Дело продолжалось три недели. Тем временем Байрона отвлекали другие происшествия. Он был вдохновлен анонимным памфлетом «Джон Буль», который ему прислал Меррей. Автор, которым оказался Джон Гибсон Локхарт, позднее зять сэра Вальтера Скотта и издатель «Ежеквартального обозрения», указывал Байрону на отрывок в письме к Боулзу, где Байрон преуменьшает свое значение в сравнении с Поупом. Автор давал ему совет, который отвечал всем представлениям Байрона: «Придерживайтесь «Дон Жуана»: это единственное искреннее произведение, написанное вами… Это самое вдохновенное, самое честное, самое интересное и самое поэтичное творение. И каждый согласится со мной, хотя и не осмелится сказать… Думаю, очарование его стиля кроется в том, что он не похож на стиль ни одной поэмы в мире… Ваш «Дон Жуан» написан сильно, сладострастно, пламенно, смешно; так не мог написать никто, кроме человека, стоящего выше других по мастерству и пороку, истинного властелина своих дарований, распутного, губящего самого себя, непревзойденного, обаятельного демона…»
Байрон и в самом деле собирался продолжать «Дон Жуана», но, в то время как автор памфлета убеждал его не отказываться от задуманного, Тереза уговорила его бросить поэму. В миланской «Газете» она увидела статьи о неприятии английскими критиками творения Байрона и прочитала две первые песни во французском переводе. Байрон сдался и пообещал больше не писать, пока Тереза не позволит. Об этом вырванном у него обещании он писал Меррею: «Причина кроется в желании всех женщин верить в возвышенность страстей и сохранять иллюзию, в которой заключается их сила. «Дон Жуан» развенчивает эту иллюзию и насмехается над многими вещами».

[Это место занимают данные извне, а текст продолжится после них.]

(* Let $\pi$ be a probability measure on $\mathcal{B}_n=\{0,1\}^n$ and $L$ the generator of a $\pi$-reversible flip-swap random walk on $\mathcal{B}_n$ which is $R$-stable for some $R\ge0$. Then for any nonempty $A\subset\mathcal{B}_n$ and every $x\in\mathrm{supp}\,\pi$, \[ \Gamma_+\big(d_T^2(\cdot,A)\big)(x)\le8R\rho(L)\,d_T^2(x,A). \] Moreover, for all $x,y\in\mathcal{B}_n$ and any nonempty $A\subset\mathcal{B}_n$, $d_T^2(x,A)-d_T^2(y,A)\le d_H(x,y)$.
   Context: A generator on $\mathcal{B}_n$ is a real matrix $L=(L(x,y))$ with $L(x,y)\ge0$ for $x\ne y$ and zero row sums; $\pi$-reversible: $\pi(x)L(x,y)=\pi(y)L(y,x)$. With $(Lg)(x)=\sum_yL(x,y)g(y)$, $\mathcal{E}(f,g)=-\sum_x\pi(x)f(x)(Lg)(x)$, $\mathrm{Ent}_\pi(f)=\pi(f\log f)-\pi(f)\log\pi(f)$, $\rho(L)$ is the largest constant with $\rho(L)\mathrm{Ent}_\pi(f)\le\mathcal{E}(f,\log f)$ for all non-constant $f\ge0$. Flip-swap: $L(x,y)>0$, $x\ne y$, implies $y$ differs from $x$ by flipping one coordinate or swapping two unequal coordinates. $R$-stable: $\rho(L)>0$ and $\max_{x\in\mathrm{supp}\,\pi,\,i\in[n]}\sum_{y:y_i\ne x_i}L(x,y)\le R\rho(L)$. $\Gamma_+(g)(x)=\sum_y(g(x)-g(y))_+^2L(x,y)$. $d_H(x,y)=\sum_i\mathbf{1}\{x_i\ne y_i\}$; $d_\alpha(x,y)=\sum_i\alpha_i\mathbf{1}\{x_i\ne y_i\}$, $d_\alpha(x,A)=\min_{y\in A}d_\alpha(x,y)$, $d_T(x,A)=\sup\{d_\alpha(x,A):\alpha\in[0,\infty)^n,|\alpha|\le1\}$. *)

From HB Require Import structures.
From mathcomp Require Import all_boot all_order all_algebra.
From mathcomp Require Import all_classical all_reals.
From mathcomp Require Import exp.
Set Implicit Arguments. Unset Strict Implicit. Unset Printing Implicit Defensive.
Import Order.TTheory GRing.Theory Num.Theory.
Local Open Scope ring_scope.
Local Open Scope classical_set_scope.

Notation cube n := {ffun 'I_n -> bool}.

Section Defs.
Variables (R : realType) (n : nat).
Implicit Types (pi : cube n -> R) (L : cube n -> cube n -> R) (f g : cube n -> R).

Definition is_prob pi := (forall x, 0 <= pi x) /\ \sum_x pi x = 1.

Definition is_generator L :=
  (forall x y, x != y -> 0 <= L x y) /\ (forall x, \sum_y L x y = 0).

Definition reversible pi L := forall x y, pi x * L x y = pi y * L y x.

Definition genapp L g (x : cube n) : R := \sum_y L x y * g y.

Definition expect pi g : R := \sum_x pi x * g x.

Definition dirichlet pi L f g : R := - \sum_x pi x * f x * genapp L g x.

Definition Ent pi f : R :=
  expect pi (fun x => f x * ln (f x)) - expect pi f * ln (expect pi f).

Definition mlsi_const pi L : R :=
  sup [set c : R | forall f : cube n -> R, (forall x, 0 < f x) ->
        (exists x y, f x != f y) ->
        c * Ent pi f <= dirichlet pi L f (fun x => ln (f x))].

Definition flip (x : cube n) (i : 'I_n) : cube n :=
  [ffun k => if k == i then ~~ x k else x k].

Definition swap (x : cube n) (i j : 'I_n) : cube n :=
  [ffun k => if k == i then x j else if k == j then x i else x k].

Definition flip_swap L :=
  forall x y, x != y -> 0 < L x y ->
    (exists i, y = flip x i) \/ (exists i j, x i != x j /\ y = swap x i j).

Definition R_stable pi L (Rc : R) :=
  0 < mlsi_const pi L /\
  forall x, 0 < pi x -> forall i : 'I_n,
    \sum_(y : cube n | y i != x i) L x y <= Rc * mlsi_const pi L.

Definition Gamma_plus L g (x : cube n) : R :=
  \sum_y (Num.max (g x - g y) 0) ^+ 2 * L x y.

Definition d_H (x y : cube n) : nat := \sum_i (x i != y i).

Definition d_alpha (a : 'I_n -> R) (x y : cube n) : R :=
  \sum_i a i * (x i != y i)%:R.

Definition d_alpha_set (a : 'I_n -> R) (x : cube n) (A : {set cube n}) : R :=
  inf [set d_alpha a x y | y in [set y | y \in A]].

Definition d_T (x : cube n) (A : {set cube n}) : R :=
  sup [set d_alpha_set a x A | a in
        [set a : 'I_n -> R | (forall i, 0 <= a i) /\
                             Num.sqrt (\sum_i a i ^+ 2) <= 1]].
End Defs.
Arguments d_T {R n} x A.

From HB Require Import structures.
From mathcomp Require Import all_boot all_order all_algebra.
From mathcomp Require Import all_classical all_reals.
From mathcomp Require Import ring lra.
Set Implicit Arguments. Unset Strict Implicit. Unset Printing Implicit Defensive.
Import Order.TTheory GRing.Theory Num.Theory.
Local Open Scope ring_scope.

(* Fix an admissible weight a (a >= 0, |a| <= 1).  Comparing coordinatewise,
   d_a(x, z) <= d_b(y, z) + d_a(x, y), where b is the restriction of a to the
   coordinates on which x and y agree, and d_b(y, A) <= |b| d_T(y, A) by
   homogeneity.  On the at most d_H(x, y) disagreeing coordinates,
   Cauchy-Schwarz gives d_a(x, y)^2 <= d_H(x, y) sum_{x_i <> y_i} a_i^2; since
   |b|^2 + sum_{x_i <> y_i} a_i^2 <= 1, a second Cauchy-Schwarz yields
   d_a(x, A)^2 <= d_T(y, A)^2 + d_H(x, y), the second claim.
   For the first, take a nearly optimal for x.  Then d_T(x, A) - d_T(y, A) is
   at most d_a(x, y), and for a flip-swap neighbour y at most two coordinates
   differ, so (d_T(x, A)^2 - d_T(y, A)^2)_+^2 <= 8 d_T(x, A)^2 sum_{x_i <> y_i}
   a_i^2 up to an error that vanishes with the approximation.  Summed against
   L(x, .), the right-hand side becomes
   8 d_T(x, A)^2 sum_i a_i^2 sum_{y_i <> x_i} L(x, y) <= 8 R rho(L) d_T(x, A)^2
   by R-stability. *)

Lemma sqr_sum_le_card_mul (R : realDomainType) (I : finType) (S : {pred I})
    (g : I -> R) :
  (\sum_(i in S) g i) ^+ 2 <= #|S|%:R * \sum_(i in S) g i ^+ 2.
Proof.
have double : 2 * (\sum_(i in S) g i) ^+ 2
    <= \sum_(i in S) \sum_(j in S) (g i ^+ 2 + g j ^+ 2).
  rewrite expr2 big_distrlr /= mulr_sumr; apply: ler_sum => i _.
  rewrite mulr_sumr; apply: ler_sum => j _.
  by have := sqr_ge0 (g i - g j); rewrite sqrrB; lra.
set q := \sum_(i in S) g i ^+ 2.
have inner i : \sum_(j in S) (g i ^+ 2 + g j ^+ 2) = #|S|%:R * g i ^+ 2 + q.
  by rewrite big_split /= sumr_const mulr_natl.
have count : \sum_(i in S) \sum_(j in S) (g i ^+ 2 + g j ^+ 2) = 2 * (#|S|%:R * q).
  under eq_bigr do rewrite inner.
  by rewrite big_split /= -mulr_sumr sumr_const -mulr_natl -/q; ring.
lra.
Qed.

В июле самолюбию Байрона польстил приезд молодого американца, друга Вашингтона Ирвинга, который поведал ему о том, какой восторг вызывает его поэзия по ту сторону Атлантики. Молодой человек, писал Байрон Муру, «оказался очень приятным собеседником. Это был некий мистер Кулидж из Бостона, правда полный пыла и энтузиазма. Я был очень вежлив с ним и много говорил об Ирвинге, чьими произведениями восхищаюсь. Но подозреваю, что я ему не очень понравился, потому что он, по всей видимости, ожидал встретить эдакого мизантропа в штанах из волчьей кожи, говорящего односложными словами, а не светского человека. Никак не могу заставить людей понять, что поэзия – выражение возвышенной страсти и нет такой вещи, как жизнь, полная страсти, как нет постоянного землетрясения или вечной лихорадки. Кроме того, кто бы стал тогда бриться?».
10 июля в семье Гамба произошла беда. Возвращаясь вечером из театра, Пьетро был арестован и отправлен на границу в постоянную ссылку. То, что его, подобно многим, не бросили в подземную темницу, произошло благодаря заступничеству Байрона и графа Альборгетти. Байрон стал понимать, что изгнание Пьетро и впоследствии его отца было частью плана избавиться от него самого. Власти были уверены, что Тереза последует за отцом и Байрон покинет Романью.
Но Тереза и слышать не хотела о том, чтобы оставить Байрона в Равенне, где его жизнь, как она думала, была в опасности. С большим трудом Байрону удалось убедить ее последовать за братом и отцом, которых отправили во Флоренцию. Ему удалось уговорить Терезу лишь после того, как он сказал ей – а его предупредил Альборгетти, – что ее угрожают запереть в монастырь. Байрону самому не хотелось уезжать из Равенны, к которой так привык, и по настоянию Терезы он попытался, хотя и понимал тщетность попыток, вернуть изгнанников. Между тем Альборгетти сообщил, что ему удалось освободить слугу Байрона. Возможно, кардинал понял, что, достигнув своей главной цели, мог проявить великодушие. Он был уверен, что Байрон последует за возлюбленной.
После бурных сцен с Терезой Байрон с облегчением вернулся к повседневным делам, наслаждаясь временной свободой от связи, продолжавшейся уже более двух лет. Но несмотря на почти семейные узы, соединявшие его с Терезой после ее разрыва с Гвичьоли, эти отношения не были благотворны для Байрона. Шло лето, а он оставался в Равенне в надежде, что изгнанников простят и они вернутся, но в основном потому, что не мог расстаться с привычной жизнью. Он вновь стал подумывать о возвращении в Англию. Но у него были обязательства, и, хотя в глубине души он мог лелеять надежду на освобождение от самой «ранней из страстей», к которой никогда не мог относиться так же легко, как на словах, он все же хотел оставаться верным тем, кто его любил и доверял. Несмотря ни на что, он вернется к Терезе, но в свое время.